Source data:

============================================================

(* Let $P$ be a program and let $\tau = \alpha \cdot \mathit{issue}(p,t)\cdot \beta\cdot \mathit{com}(p,t)$ be a minimal anomaly of $P$ such that $\mathit{issue}(p,t)$ happens before $\mathit{com}(p,t)$ through $\beta$. Then no event $a$ in $\beta$ writes to a shared variable that $\mathit{com}(p,t)$ writes to.
   Context: Programs: parallel compositions of processes, each a sequence of transactions (reads of shared variables into registers, writes of register expressions to shared variables, assume statements, delimited by begin and commit). Snapshot isolation (SI): a transaction reads/writes a local snapshot of the central memory taken at its begin and can commit (publishing its writes) only if no transaction committed after its begin wrote a variable it writes. Serializability: every transaction executes atomically. Traces: each transaction $t$ of process $p$ yields an issue event $\mathit{issue}(p,t)$ (begin, reads, local writes) and a commit event $\mathit{com}(p,t)$ (which performs the writes of $t$ on the central memory). Dependencies: $\mathsf{po}$ (program order), $\mathsf{rf}$ (write-read), $\mathsf{st}$ (store order between writes to the same variable), $\mathsf{cf}$ (conflict: a read does not see a write to the same variable that would affect it if visible), and issue-to-commit of the same transaction; $\mathsf{hb}^1$ is their union, $\mathsf{hb}$ its transitive closure. An anomaly of $P$ is a trace of an SI execution of $P$ that is not a trace of any serializable execution. ''$a$ happens before $b$ through $\beta$'' in a trace $\alpha\cdot a\cdot\beta\cdot b\cdot\gamma$ means there is a nonempty subsequence $c_1\cdots c_n$ of $\beta$ with $c_i\to_{\mathsf{hb}^1}c_{i+1}$ for all $i\in[0,n]$, $c_0=a$, $c_{n+1}=b$. A transaction is delayed in a trace if its issue happens before its commit through the events between them; an anomaly is minimal if it has the least number of delayed transactions among all anomalies of $P$. *)

From mathcomp Require Import all_boot.
Set Implicit Arguments. Unset Strict Implicit. Unset Printing Implicit Defensive.

Definition var := nat.
Definition reg := nat.
Definition val := nat.
Definition regfile := reg -> val.

Inductive instr :=
| IRead of reg & var
| IWrite of var & (regfile -> val)
| IAssume of (regfile -> bool).

Definition transaction := seq instr.
Definition process := seq transaction.
(* a program is a parallel composition of processes; process p = nth p *)
Definition program := seq process.

Definition event := (bool * (nat * nat))%type.
Definition issue (p t : nat) : event := (false, (p, t)).
Definition com (p t : nat) : event := (true, (p, t)).
Definition is_com (e : event) : bool := e.1.
Definition txn_of (e : event) : nat * nat := e.2.

(* a labelled event: the event, the shared variables it reads from the
   snapshot (external reads), and the shared variables it writes *)
Definition lab := (event * (seq var * seq var))%type.
Definition lab_ev (l : lab) : event := l.1.
Definition lab_reads (l : lab) : seq var := l.2.1.
Definition lab_writes (l : lab) : seq var := l.2.2.

Fixpoint run_body (snap : var -> val) (lw : var -> option val) (rf : regfile)
    (rd wr : seq var) (b : transaction)
    : option (regfile * (var -> option val) * seq var * seq var) :=
  match b with
  | [::] => Some (rf, lw, rd, wr)
  | IRead r x :: b' =>
      let v := if lw x is Some v then v else snap x in
      let rd' := if lw x is Some _ then rd else rcons rd x in
      run_body snap lw (fun r' => if r' == r then v else rf r') rd' wr b'
  | IWrite x e :: b' =>
      run_body snap (fun y => if y == x then Some (e rf) else lw y) rf rd (rcons wr x) b'
  | IAssume c :: b' => if c rf then run_body snap lw rf rd wr b' else None
  end.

============================================================

Exercise instructions:
Could you reproduce all of the entries above exactly?

Reply:
(* Let $P$ be a program and let $\tau = \alpha \cdot \mathit{issue}(p,t)\cdot \beta\cdot \mathit{com}(p,t)$ be a minimal anomaly of $P$ such that $\mathit{issue}(p,t)$ happens before $\mathit{com}(p,t)$ through $\beta$. Then no event $a$ in $\beta$ writes to a shared variable that $\mathit{com}(p,t)$ writes to.
   Context: Programs: parallel compositions of processes, each a sequence of transactions (reads of shared variables into registers, writes of register expressions to shared variables, assume statements, delimited by begin and commit). Snapshot isolation (SI): a transaction reads/writes a local snapshot of the central memory taken at its begin and can commit (publishing its writes) only if no transaction committed after its begin wrote a variable it writes. Serializability: every transaction executes atomically. Traces: each transaction $t$ of process $p$ yields an issue event $\mathit{issue}(p,t)$ (begin, reads, local writes) and a commit event $\mathit{com}(p,t)$ (which performs the writes of $t$ on the central memory). Dependencies: $\mathsf{po}$ (program order), $\mathsf{rf}$ (write-read), $\mathsf{st}$ (store order between writes to the same variable), $\mathsf{cf}$ (conflict: a read does not see a write to the same variable that would affect it if visible), and issue-to-commit of the same transaction; $\mathsf{hb}^1$ is their union, $\mathsf{hb}$ its transitive closure. An anomaly of $P$ is a trace of an SI execution of $P$ that is not a trace of any serializable execution. ''$a$ happens before $b$ through $\beta$'' in a trace $\alpha\cdot a\cdot\beta\cdot b\cdot\gamma$ means there is a nonempty subsequence $c_1\cdots c_n$ of $\beta$ with $c_i\to_{\mathsf{hb}^1}c_{i+1}$ for all $i\in[0,n]$, $c_0=a$, $c_{n+1}=b$. A transaction is delayed in a trace if its issue happens before its commit through the events between them; an anomaly is minimal if it has the least number of delayed transactions among all anomalies of $P$. *)

From mathcomp Require Import all_boot.
Set Implicit Arguments. Unset Strict Implicit. Unset Printing Implicit Defensive.

Definition var := nat.
Definition reg := nat.
Definition val := nat.
Definition regfile := reg -> val.

Inductive instr :=
| IRead of reg & var
| IWrite of var & (regfile -> val)
| IAssume of (regfile -> bool).

Definition transaction := seq instr.
Definition process := seq transaction.
(* a program is a parallel composition of processes; process p = nth p *)
Definition program := seq process.

Definition event := (bool * (nat * nat))%type.
Definition issue (p t : nat) : event := (false, (p, t)).
Definition com (p t : nat) : event := (true, (p, t)).
Definition is_com (e : event) : bool := e.1.
Definition txn_of (e : event) : nat * nat := e.2.

(* a labelled event: the event, the shared variables it reads from the
   snapshot (external reads), and the shared variables it writes *)
Definition lab := (event * (seq var * seq var))%type.
Definition lab_ev (l : lab) : event := l.1.
Definition lab_reads (l : lab) : seq var := l.2.1.
Definition lab_writes (l : lab) : seq var := l.2.2.

Fixpoint run_body (snap : var -> val) (lw : var -> option val) (rf : regfile)
    (rd wr : seq var) (b : transaction)
    : option (regfile * (var -> option val) * seq var * seq var) :=
  match b with
  | [::] => Some (rf, lw, rd, wr)
  | IRead r x :: b' =>
      let v := if lw x is Some v then v else snap x in
      let rd' := if lw x is Some _ then rd else rcons rd x in
      run_body snap lw (fun r' => if r' == r then v else rf r') rd' wr b'
  | IWrite x e :: b' =>
      run_body snap (fun y => if y == x then Some (e rf) else lw y) rf rd (rcons wr x) b'
  | IAssume c :: b' => if c rf then run_body snap lw rf rd wr b' else None
  end.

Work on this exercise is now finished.